→ WHAT TO WORK ON: The required result is the number of lines below that hold the word "AdmissibleRemoval", stated without anything else.

──────────

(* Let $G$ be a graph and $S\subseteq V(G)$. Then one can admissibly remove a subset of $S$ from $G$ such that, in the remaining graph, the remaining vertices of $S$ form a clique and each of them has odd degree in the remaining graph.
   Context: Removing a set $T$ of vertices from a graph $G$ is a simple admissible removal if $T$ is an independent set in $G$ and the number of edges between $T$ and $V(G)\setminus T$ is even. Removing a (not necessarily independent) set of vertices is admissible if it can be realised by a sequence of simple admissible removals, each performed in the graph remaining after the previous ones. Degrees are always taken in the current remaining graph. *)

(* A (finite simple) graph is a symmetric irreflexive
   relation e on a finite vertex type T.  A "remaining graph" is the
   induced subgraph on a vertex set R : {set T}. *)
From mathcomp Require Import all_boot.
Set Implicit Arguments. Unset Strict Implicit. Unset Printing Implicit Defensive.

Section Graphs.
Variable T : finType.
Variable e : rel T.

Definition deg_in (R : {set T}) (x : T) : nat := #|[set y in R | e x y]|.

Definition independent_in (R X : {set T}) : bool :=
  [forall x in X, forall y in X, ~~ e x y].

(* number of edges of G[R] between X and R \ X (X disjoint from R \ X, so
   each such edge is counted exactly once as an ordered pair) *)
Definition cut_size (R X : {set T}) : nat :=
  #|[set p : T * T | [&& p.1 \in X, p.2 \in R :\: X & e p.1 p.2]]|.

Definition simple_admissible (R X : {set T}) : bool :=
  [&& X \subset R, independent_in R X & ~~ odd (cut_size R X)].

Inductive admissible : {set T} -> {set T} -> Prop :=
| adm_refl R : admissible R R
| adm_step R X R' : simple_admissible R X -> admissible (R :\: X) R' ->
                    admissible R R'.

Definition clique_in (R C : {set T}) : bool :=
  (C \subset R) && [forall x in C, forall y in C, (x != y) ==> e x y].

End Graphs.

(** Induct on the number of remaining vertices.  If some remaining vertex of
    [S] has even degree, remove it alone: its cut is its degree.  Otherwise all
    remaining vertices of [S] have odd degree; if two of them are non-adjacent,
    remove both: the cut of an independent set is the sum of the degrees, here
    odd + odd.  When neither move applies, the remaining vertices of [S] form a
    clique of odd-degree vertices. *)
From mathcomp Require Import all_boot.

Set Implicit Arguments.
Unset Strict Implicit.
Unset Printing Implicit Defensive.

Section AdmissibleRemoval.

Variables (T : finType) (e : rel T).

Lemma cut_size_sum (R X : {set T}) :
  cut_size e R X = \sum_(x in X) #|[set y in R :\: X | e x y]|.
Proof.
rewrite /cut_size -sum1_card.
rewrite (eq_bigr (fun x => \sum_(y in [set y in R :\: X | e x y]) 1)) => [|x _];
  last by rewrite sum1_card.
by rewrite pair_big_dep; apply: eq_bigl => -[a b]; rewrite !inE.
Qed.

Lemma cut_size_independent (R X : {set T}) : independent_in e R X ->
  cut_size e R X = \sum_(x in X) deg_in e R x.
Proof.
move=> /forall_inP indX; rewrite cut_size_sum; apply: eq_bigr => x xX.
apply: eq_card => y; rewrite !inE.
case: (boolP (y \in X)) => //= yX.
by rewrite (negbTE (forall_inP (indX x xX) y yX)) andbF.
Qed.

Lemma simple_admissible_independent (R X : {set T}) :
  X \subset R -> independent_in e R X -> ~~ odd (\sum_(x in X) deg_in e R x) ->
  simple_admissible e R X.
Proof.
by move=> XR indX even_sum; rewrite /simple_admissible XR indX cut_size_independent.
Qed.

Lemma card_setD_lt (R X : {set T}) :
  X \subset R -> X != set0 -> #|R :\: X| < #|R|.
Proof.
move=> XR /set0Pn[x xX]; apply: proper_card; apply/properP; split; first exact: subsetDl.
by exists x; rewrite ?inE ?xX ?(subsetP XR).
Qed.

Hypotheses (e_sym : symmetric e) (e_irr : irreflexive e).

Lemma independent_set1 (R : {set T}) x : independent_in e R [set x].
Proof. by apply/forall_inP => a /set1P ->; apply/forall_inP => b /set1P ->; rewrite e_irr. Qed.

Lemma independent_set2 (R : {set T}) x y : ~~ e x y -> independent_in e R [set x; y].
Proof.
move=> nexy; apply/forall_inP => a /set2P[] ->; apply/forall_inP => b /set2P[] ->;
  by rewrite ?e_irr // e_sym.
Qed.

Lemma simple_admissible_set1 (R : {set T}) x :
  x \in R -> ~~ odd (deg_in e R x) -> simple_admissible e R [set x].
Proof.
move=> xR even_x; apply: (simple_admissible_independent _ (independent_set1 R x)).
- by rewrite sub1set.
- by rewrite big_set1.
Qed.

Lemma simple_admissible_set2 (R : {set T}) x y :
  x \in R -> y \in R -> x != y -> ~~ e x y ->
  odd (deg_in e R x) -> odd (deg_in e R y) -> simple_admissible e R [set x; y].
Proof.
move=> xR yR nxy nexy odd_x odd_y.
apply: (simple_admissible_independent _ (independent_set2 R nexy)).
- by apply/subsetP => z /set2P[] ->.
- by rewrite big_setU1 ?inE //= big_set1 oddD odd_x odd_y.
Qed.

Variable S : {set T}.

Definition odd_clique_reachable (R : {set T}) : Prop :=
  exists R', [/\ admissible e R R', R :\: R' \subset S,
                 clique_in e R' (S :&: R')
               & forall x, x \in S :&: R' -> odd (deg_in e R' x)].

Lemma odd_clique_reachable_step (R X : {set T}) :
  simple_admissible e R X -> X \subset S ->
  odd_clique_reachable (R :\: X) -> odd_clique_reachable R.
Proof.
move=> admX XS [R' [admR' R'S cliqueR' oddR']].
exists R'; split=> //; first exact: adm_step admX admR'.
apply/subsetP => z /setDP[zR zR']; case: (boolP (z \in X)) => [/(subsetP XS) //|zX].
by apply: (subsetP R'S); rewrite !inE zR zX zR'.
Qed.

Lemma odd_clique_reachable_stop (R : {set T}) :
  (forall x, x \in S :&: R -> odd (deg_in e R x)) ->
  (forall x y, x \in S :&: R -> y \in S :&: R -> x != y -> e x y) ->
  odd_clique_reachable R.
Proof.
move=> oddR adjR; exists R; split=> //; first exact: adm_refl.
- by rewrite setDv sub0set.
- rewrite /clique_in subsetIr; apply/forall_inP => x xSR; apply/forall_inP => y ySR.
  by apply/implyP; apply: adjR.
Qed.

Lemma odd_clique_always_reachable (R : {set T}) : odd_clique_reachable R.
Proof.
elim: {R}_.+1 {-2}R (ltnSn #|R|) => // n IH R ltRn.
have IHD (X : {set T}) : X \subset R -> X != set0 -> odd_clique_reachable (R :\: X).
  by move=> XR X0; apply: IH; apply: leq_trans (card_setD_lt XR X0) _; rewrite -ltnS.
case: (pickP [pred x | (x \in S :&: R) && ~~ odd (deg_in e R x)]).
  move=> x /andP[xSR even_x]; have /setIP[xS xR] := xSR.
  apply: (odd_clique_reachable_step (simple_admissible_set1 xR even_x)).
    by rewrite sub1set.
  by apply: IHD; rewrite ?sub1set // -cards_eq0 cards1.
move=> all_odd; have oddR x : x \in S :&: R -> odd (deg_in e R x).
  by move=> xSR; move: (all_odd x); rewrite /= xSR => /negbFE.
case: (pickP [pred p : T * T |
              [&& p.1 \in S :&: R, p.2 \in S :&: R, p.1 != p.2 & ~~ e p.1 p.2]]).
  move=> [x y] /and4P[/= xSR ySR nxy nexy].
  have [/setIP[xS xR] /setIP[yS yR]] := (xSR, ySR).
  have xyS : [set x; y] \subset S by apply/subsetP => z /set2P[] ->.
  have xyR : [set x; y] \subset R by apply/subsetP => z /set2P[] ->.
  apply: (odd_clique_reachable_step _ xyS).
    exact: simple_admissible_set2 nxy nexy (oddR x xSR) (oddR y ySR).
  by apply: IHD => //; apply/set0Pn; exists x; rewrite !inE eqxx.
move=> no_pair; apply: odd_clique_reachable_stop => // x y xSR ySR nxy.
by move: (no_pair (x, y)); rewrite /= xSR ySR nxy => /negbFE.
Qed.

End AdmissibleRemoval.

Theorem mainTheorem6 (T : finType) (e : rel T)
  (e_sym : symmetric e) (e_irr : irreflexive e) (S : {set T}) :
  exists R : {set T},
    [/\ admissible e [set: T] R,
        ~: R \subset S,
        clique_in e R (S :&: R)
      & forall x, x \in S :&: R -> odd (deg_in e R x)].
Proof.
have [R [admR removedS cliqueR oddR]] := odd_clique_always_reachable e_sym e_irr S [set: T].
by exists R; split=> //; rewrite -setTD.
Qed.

──────────

→ REPLY TO THE TASK: 2